_Task brief_
The output should be exactly the lines from the one containing "Section Stability." through the last line of the records, and only those.
○ ○ ○ ○ ○
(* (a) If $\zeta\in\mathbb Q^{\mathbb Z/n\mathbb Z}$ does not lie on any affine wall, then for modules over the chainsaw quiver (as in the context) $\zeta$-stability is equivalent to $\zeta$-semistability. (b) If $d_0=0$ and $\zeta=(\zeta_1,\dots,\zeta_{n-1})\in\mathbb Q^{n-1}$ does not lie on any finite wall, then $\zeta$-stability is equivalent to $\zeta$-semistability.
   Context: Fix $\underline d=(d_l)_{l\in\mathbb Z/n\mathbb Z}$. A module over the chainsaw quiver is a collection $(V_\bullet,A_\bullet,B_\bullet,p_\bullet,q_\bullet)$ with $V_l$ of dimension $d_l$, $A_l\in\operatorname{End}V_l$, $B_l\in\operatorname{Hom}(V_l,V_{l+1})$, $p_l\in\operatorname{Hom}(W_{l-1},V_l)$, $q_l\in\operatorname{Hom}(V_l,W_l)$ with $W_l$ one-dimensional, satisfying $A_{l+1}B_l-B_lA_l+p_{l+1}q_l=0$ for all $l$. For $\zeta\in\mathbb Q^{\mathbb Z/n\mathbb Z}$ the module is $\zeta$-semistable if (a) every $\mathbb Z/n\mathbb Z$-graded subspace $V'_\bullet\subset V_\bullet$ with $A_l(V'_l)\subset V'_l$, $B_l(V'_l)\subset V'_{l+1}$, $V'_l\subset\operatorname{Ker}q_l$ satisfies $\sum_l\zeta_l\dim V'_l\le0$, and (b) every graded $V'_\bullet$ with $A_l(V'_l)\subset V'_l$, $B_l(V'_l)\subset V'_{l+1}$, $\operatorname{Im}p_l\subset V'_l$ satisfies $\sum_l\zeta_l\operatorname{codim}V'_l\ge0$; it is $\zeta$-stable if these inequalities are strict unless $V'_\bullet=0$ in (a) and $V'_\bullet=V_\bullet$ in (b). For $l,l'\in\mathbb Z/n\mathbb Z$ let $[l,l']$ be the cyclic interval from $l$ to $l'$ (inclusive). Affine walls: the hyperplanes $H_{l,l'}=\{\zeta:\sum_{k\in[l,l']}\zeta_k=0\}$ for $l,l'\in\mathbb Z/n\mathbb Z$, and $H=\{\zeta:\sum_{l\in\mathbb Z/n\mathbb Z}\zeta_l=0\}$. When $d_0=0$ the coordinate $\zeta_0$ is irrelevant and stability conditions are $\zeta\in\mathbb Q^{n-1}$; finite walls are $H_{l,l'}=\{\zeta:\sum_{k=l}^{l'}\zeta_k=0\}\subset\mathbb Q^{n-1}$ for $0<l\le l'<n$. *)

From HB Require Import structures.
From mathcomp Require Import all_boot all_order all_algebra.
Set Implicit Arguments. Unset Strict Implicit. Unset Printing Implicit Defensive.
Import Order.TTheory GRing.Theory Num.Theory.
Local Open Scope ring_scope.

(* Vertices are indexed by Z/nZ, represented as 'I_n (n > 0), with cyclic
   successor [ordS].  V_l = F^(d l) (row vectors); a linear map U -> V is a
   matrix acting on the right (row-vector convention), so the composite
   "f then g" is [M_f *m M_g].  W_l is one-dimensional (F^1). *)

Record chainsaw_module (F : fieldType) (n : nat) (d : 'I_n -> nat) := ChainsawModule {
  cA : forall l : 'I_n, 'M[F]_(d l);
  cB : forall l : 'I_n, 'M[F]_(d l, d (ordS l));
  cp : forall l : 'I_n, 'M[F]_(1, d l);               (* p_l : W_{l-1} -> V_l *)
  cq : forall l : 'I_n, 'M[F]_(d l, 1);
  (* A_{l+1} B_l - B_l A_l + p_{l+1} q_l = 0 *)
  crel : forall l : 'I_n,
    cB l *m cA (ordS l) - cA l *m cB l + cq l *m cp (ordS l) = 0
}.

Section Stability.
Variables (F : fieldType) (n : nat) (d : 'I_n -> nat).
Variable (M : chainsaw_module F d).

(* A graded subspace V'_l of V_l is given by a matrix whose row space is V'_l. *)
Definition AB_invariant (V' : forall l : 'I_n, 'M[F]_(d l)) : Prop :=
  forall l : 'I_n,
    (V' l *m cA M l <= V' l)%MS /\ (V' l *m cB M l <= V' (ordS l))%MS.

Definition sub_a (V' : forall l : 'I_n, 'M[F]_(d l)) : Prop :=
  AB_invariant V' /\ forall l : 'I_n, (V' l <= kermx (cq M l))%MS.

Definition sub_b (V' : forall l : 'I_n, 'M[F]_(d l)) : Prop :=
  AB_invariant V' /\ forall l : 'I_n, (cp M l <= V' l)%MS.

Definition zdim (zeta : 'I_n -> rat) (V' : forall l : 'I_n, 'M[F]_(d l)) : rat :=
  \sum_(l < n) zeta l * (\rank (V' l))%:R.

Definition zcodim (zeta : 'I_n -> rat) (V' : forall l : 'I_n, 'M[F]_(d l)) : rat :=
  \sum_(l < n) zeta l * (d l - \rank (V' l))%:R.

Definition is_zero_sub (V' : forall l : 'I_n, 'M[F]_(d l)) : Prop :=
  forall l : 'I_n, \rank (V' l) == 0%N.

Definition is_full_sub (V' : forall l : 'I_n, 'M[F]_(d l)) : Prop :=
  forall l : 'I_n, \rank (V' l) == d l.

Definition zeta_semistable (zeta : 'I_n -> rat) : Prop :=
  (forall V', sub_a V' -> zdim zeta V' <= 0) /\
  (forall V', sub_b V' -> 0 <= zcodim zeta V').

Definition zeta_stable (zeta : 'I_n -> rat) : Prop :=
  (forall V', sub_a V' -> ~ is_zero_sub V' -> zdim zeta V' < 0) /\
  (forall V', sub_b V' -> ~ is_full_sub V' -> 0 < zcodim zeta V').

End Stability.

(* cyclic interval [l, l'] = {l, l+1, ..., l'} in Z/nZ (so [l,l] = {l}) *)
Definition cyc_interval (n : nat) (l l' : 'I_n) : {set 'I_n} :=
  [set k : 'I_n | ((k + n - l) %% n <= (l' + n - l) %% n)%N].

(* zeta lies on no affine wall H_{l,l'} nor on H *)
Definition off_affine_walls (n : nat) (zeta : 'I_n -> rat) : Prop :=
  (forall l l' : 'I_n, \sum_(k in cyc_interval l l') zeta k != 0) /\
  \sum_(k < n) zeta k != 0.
○ ○ ○ ○ ○
_Written answer_
Section Stability.
Variables (F : fieldType) (n : nat) (d : 'I_n -> nat).
Variable (M : chainsaw_module F d).

(* A graded subspace V'_l of V_l is given by a matrix whose row space is V'_l. *)
Definition AB_invariant (V' : forall l : 'I_n, 'M[F]_(d l)) : Prop :=
  forall l : 'I_n,
    (V' l *m cA M l <= V' l)%MS /\ (V' l *m cB M l <= V' (ordS l))%MS.

Definition sub_a (V' : forall l : 'I_n, 'M[F]_(d l)) : Prop :=
  AB_invariant V' /\ forall l : 'I_n, (V' l <= kermx (cq M l))%MS.

Definition sub_b (V' : forall l : 'I_n, 'M[F]_(d l)) : Prop :=
  AB_invariant V' /\ forall l : 'I_n, (cp M l <= V' l)%MS.

Definition zdim (zeta : 'I_n -> rat) (V' : forall l : 'I_n, 'M[F]_(d l)) : rat :=
  \sum_(l < n) zeta l * (\rank (V' l))%:R.

Definition zcodim (zeta : 'I_n -> rat) (V' : forall l : 'I_n, 'M[F]_(d l)) : rat :=
  \sum_(l < n) zeta l * (d l - \rank (V' l))%:R.

Definition is_zero_sub (V' : forall l : 'I_n, 'M[F]_(d l)) : Prop :=
  forall l : 'I_n, \rank (V' l) == 0%N.

Definition is_full_sub (V' : forall l : 'I_n, 'M[F]_(d l)) : Prop :=
  forall l : 'I_n, \rank (V' l) == d l.

Definition zeta_semistable (zeta : 'I_n -> rat) : Prop :=
  (forall V', sub_a V' -> zdim zeta V' <= 0) /\
  (forall V', sub_b V' -> 0 <= zcodim zeta V').

Definition zeta_stable (zeta : 'I_n -> rat) : Prop :=
  (forall V', sub_a V' -> ~ is_zero_sub V' -> zdim zeta V' < 0) /\
  (forall V', sub_b V' -> ~ is_full_sub V' -> 0 < zcodim zeta V').

End Stability.

(* cyclic interval [l, l'] = {l, l+1, ..., l'} in Z/nZ (so [l,l] = {l}) *)
Definition cyc_interval (n : nat) (l l' : 'I_n) : {set 'I_n} :=
  [set k : 'I_n | ((k + n - l) %% n <= (l' + n - l) %% n)%N].

(* zeta lies on no affine wall H_{l,l'} nor on H *)
Definition off_affine_walls (n : nat) (zeta : 'I_n -> rat) : Prop :=
  (forall l l' : 'I_n, \sum_(k in cyc_interval l l') zeta k != 0) /\
  \sum_(k < n) zeta k != 0.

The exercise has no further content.